Речь отца звучала внушительно. Сапожник поднял голову от грядки, кивнул отцу в знак приветствия и улыбнулся.

— Где они, Макощаки? — спросил Метек.

— «Под псами», — подсказал Юрек отцу.

— «Под псами»… «Под псами», — громко и не без злорадства повторил отец. Сапожник ухмыльнулся.

В ресторанчике «Под псами» Метек стоял возле столика братьев Маковских. Младший кончал разговор о патоке:

— …Ну, как? Порядок? Сделаешь — получишь сотню…

III

Спешить было некуда. Стах вышел из дому слишком рано, потому что не доверял старенькому будильнику, который ходил, только когда его клали плашмя.
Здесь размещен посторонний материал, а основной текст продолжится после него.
(* Let $S$ be a $1$-synchronizable system. Let $\tau\in T_0(S)$ and $m_1,\dots,m_n\in\Sigma_M$ be such that $\tau\cdot !m_1\cdots !m_n\in T_n(S)$. Then $\tau\cdot !?m_1\cdots !?m_n\in T_0(S)$.
   Context: A message set $M=(\Sigma_M,N,\mathrm{src},\mathrm{dst})$: finite set of messages, $N\ge1$ peers, $\mathrm{src}(a)\neq\mathrm{dst}(a)\in\{1,\dots,N\}$. Actions $!a$ (by peer $\mathrm{src}(a)$), $?a$ (by peer $\mathrm{dst}(a)$); traces are finite action sequences; $!?a$ abbreviates $!a\cdot?a$. For a trace $\tau$, $\pi_!(\tau)$ is the sequence of sent messages; $\mathrm{buf}_{i\to j}(\tau)$ is the word $w$ (if any) with (sent on $i\to j$) $=$ (received on $i\to j$)$\cdot w$. $\tau$ is FIFO ($k$-bounded FIFO) if for all $i,j$ and prefixes $\tau'$, $\mathrm{buf}_{i\to j}(\tau')$ is defined (and has length $\le k$); synchronous if of the form $!?a_1\cdots!?a_k$. A system $S=(P_1,\dots,P_N)$: finite automata $P_i$ (all states accepting) over actions of peer $i$, with one FIFO channel per ordered pair $i\neq j$. A configuration: one control state per peer and contents $w_{i,j}$ of channels; stable if all channels empty. $!a$ ($\mathrm{src}(a)=i,\mathrm{dst}(a)=j$) moves $P_i$ and appends $a$ to $w_{i,j}$; $?a$ moves $P_j$ and removes $a$ from the head of $w_{i,j}$; $c_0$ is the initial configuration. $T_k(S)$ ($k\ge1$): $k$-bounded FIFO traces $\tau$ with $c_0\xrightarrow{\tau}c$ for some $c$; $T_0(S)$: synchronous such traces; $T_\omega(S)=\bigcup_kT_k(S)$. $ST_k(S)=\{\pi_!(\tau)\mid\tau\in T_k(S)\}\cup\{(\pi_!(\tau),c)\mid c_0\xrightarrow{\tau}c,\ c\text{ stable},\ \tau\in T_k(S)\}$; $S$ is $1$-synchronizable if $ST_0(S)=ST_1(S)$. *)

From mathcomp Require Import all_boot.
Set Implicit Arguments. Unset Strict Implicit. Unset Printing Implicit Defensive.

Section Systems.

(* Message set M = (Msg, N, src, dst); peers are 'I_N (= {1..N} shifted). *)
Variables (N : nat) (Msg : finType) (src dst : Msg -> 'I_N).

Inductive action := Send of Msg | Recv of Msg.

Definition actor (x : action) : 'I_N :=
  match x with Send a => src a | Recv a => dst a end.

Definition trace := seq action.

Definition sends (t : trace) : seq Msg :=
  pmap (fun x => if x is Send a then Some a else None) t.

Definition sent_on (i j : 'I_N) (t : trace) : seq Msg :=
  [seq a <- sends t | (src a == i) && (dst a == j)].
Definition recv_on (i j : 'I_N) (t : trace) : seq Msg :=
  [seq a <- pmap (fun x => if x is Recv a then Some a else None) t
     | (src a == i) && (dst a == j)].

(* buf_{i->j}(t) = Some w  iff  sent = received ++ w *)
Definition buf_def (i j : 'I_N) (t : trace) (w : seq Msg) : Prop :=
  sent_on i j t = recv_on i j t ++ w.

Definition kfifo (k : nat) (t : trace) : Prop :=
  forall (n : nat) (i j : 'I_N),
    exists w, buf_def i j (take n t) w /\ size w <= k.

Definition synch_of (ms : seq Msg) : trace :=
  flatten [seq [:: Send a; Recv a] | a <- ms].
Definition synchronous (t : trace) : Prop := exists ms, t = synch_of ms.

(* A system: one finite automaton per peer (all states accepting).
   Transitions are only ever consulted on actions of the peer itself. *)
Record system := System {
  state : 'I_N -> finType;
  init : forall i, state i;
  trans : forall i, state i -> action -> state i -> bool
}.

Record config (S : system) := Config {
  ctrl : forall i, state S i;
  chan : 'I_N -> 'I_N -> seq Msg
}.

Definition c0 (S : system) : config S := Config (init S) (fun _ _ => [::]).

Definition stable (S : system) (c : config S) : Prop :=
  forall i j, chan c i j = [::].

Definition step (S : system) (c : config S) (x : action) (c' : config S) : Prop :=
  [/\ trans (ctrl c (actor x)) x (ctrl c' (actor x)),
      (forall k, k != actor x -> ctrl c' k = ctrl c k),
      (forall i j, (i, j) != (src (match x with Send a | Recv a => a end),
                              dst (match x with Send a | Recv a => a end)) ->
                   chan c' i j = chan c i j) &
      match x with
      | Send a => chan c' (src a) (dst a) = rcons (chan c (src a) (dst a)) a
      | Recv a => chan c (src a) (dst a) = a :: chan c' (src a) (dst a)
      end].

Inductive reach (S : system) : config S -> trace -> config S -> Prop :=
  | reach_nil c : reach c [::] c
  | reach_cons c x c' t c'' : step c x c' -> reach c' t c'' -> reach c (x :: t) c''.

Definition Tk (S : system) (k : nat) (t : trace) : Prop :=
  (if k is 0 then synchronous t else kfifo k t) /\ exists c, reach (c0 S) t c.

Inductive obs (S : system) :=
  | ObsW of seq Msg
  | ObsC of seq Msg & config S.

Definition STk (S : system) (k : nat) (o : obs S) : Prop :=
  match o with
  | ObsW w => exists t, Tk S k t /\ sends t = w
  | ObsC w c => exists t, [/\ Tk S k t, sends t = w, reach (c0 S) t c & stable c]
  end.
В верхней части циферблата на будильнике была нарисована физиономия улыбающегося негра, умевшего прежде поводить взад и вперед глазами. Потом глаза почему-то выпали, и на неподвижном лице застыло выражение горькой иронии. Это случилось уже после смерти отца, который заботился о часах, пока не погиб, засыпанный землей в глубоком котловане.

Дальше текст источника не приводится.